(Stored data)
+ + + +
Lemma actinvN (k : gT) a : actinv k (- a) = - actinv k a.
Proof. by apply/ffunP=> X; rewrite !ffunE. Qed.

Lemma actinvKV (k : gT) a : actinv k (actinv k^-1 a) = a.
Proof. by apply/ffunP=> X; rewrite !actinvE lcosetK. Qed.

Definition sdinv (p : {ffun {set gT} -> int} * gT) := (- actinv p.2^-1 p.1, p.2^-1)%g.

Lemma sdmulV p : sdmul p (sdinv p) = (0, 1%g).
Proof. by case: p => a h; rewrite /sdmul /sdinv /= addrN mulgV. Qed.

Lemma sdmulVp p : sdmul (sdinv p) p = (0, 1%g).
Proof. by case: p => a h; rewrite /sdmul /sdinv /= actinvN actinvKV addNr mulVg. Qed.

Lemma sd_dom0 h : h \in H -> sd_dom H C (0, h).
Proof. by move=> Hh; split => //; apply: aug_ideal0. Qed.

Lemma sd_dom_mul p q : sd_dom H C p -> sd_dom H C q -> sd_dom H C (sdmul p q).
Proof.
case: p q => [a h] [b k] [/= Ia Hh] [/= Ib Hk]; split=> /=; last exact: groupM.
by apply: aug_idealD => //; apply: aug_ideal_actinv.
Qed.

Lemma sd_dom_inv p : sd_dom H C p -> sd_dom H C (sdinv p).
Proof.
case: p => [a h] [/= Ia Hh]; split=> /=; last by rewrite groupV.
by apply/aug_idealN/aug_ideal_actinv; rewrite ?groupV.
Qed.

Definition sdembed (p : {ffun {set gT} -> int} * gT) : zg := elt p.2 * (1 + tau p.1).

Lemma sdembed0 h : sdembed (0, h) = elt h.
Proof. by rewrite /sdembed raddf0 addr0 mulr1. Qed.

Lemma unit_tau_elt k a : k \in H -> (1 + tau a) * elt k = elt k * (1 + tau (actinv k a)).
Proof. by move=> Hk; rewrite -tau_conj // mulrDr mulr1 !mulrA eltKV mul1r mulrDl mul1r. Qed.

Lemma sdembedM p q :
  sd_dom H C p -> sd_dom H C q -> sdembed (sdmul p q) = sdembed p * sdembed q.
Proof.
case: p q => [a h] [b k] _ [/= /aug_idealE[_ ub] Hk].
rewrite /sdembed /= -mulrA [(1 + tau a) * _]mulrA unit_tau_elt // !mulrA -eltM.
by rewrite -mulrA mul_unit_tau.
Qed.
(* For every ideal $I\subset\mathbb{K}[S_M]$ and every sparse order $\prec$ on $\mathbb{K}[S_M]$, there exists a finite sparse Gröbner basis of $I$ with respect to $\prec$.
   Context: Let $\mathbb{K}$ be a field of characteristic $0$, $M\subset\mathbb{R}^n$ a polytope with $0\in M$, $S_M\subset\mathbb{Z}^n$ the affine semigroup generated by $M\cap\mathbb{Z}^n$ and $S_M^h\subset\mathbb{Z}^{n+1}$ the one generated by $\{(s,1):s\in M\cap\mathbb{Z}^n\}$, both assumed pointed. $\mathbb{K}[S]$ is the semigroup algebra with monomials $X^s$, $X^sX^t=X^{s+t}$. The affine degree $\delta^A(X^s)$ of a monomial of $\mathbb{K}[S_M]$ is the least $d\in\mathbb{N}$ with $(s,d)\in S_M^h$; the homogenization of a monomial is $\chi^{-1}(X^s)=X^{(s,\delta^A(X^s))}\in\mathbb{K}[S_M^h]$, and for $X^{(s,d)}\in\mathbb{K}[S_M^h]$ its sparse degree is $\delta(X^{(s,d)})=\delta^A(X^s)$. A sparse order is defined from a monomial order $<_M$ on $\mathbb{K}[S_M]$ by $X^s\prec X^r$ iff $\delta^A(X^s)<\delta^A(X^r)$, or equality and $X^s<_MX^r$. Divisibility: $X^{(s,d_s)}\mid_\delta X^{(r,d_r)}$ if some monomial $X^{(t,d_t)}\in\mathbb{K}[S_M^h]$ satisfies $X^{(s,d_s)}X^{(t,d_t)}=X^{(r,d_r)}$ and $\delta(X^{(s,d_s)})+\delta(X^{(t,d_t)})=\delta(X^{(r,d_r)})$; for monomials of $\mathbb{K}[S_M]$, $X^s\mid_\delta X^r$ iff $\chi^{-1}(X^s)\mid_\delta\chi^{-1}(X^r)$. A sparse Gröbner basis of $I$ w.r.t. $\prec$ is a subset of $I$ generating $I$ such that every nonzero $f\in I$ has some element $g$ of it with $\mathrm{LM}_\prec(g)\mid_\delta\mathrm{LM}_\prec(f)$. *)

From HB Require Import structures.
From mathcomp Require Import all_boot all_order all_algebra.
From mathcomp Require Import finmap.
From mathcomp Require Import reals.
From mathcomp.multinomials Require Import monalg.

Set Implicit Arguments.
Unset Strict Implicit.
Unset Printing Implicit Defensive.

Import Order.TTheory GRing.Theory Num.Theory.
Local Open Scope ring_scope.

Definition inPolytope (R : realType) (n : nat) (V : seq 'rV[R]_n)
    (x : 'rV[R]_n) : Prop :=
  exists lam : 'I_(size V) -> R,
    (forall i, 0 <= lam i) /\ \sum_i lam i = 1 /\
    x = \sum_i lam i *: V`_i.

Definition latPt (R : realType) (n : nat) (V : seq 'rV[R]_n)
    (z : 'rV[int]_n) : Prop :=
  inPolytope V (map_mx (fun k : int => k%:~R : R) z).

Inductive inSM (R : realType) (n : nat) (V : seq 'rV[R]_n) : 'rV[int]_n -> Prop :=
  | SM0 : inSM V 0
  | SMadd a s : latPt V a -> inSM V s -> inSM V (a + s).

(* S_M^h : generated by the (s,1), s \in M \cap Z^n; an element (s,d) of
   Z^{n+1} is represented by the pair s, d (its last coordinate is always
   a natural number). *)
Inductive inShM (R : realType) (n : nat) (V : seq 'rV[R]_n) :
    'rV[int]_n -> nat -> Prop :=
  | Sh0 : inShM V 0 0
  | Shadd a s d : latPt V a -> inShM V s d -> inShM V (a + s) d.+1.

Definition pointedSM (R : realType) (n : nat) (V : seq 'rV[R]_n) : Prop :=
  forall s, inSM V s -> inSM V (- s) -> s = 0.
+ + + +
# Task description
Write out exactly the lines between the start of the entries and the line containing "addrN mulgV. Qed.", including that line and the first one.

# Finished exercise
Lemma actinvN (k : gT) a : actinv k (- a) = - actinv k a.
Proof. by apply/ffunP=> X; rewrite !ffunE. Qed.

Lemma actinvKV (k : gT) a : actinv k (actinv k^-1 a) = a.
Proof. by apply/ffunP=> X; rewrite !actinvE lcosetK. Qed.

Definition sdinv (p : {ffun {set gT} -> int} * gT) := (- actinv p.2^-1 p.1, p.2^-1)%g.

Lemma sdmulV p : sdmul p (sdinv p) = (0, 1%g).
Proof. by case: p => a h; rewrite /sdmul /sdinv /= addrN mulgV. Qed.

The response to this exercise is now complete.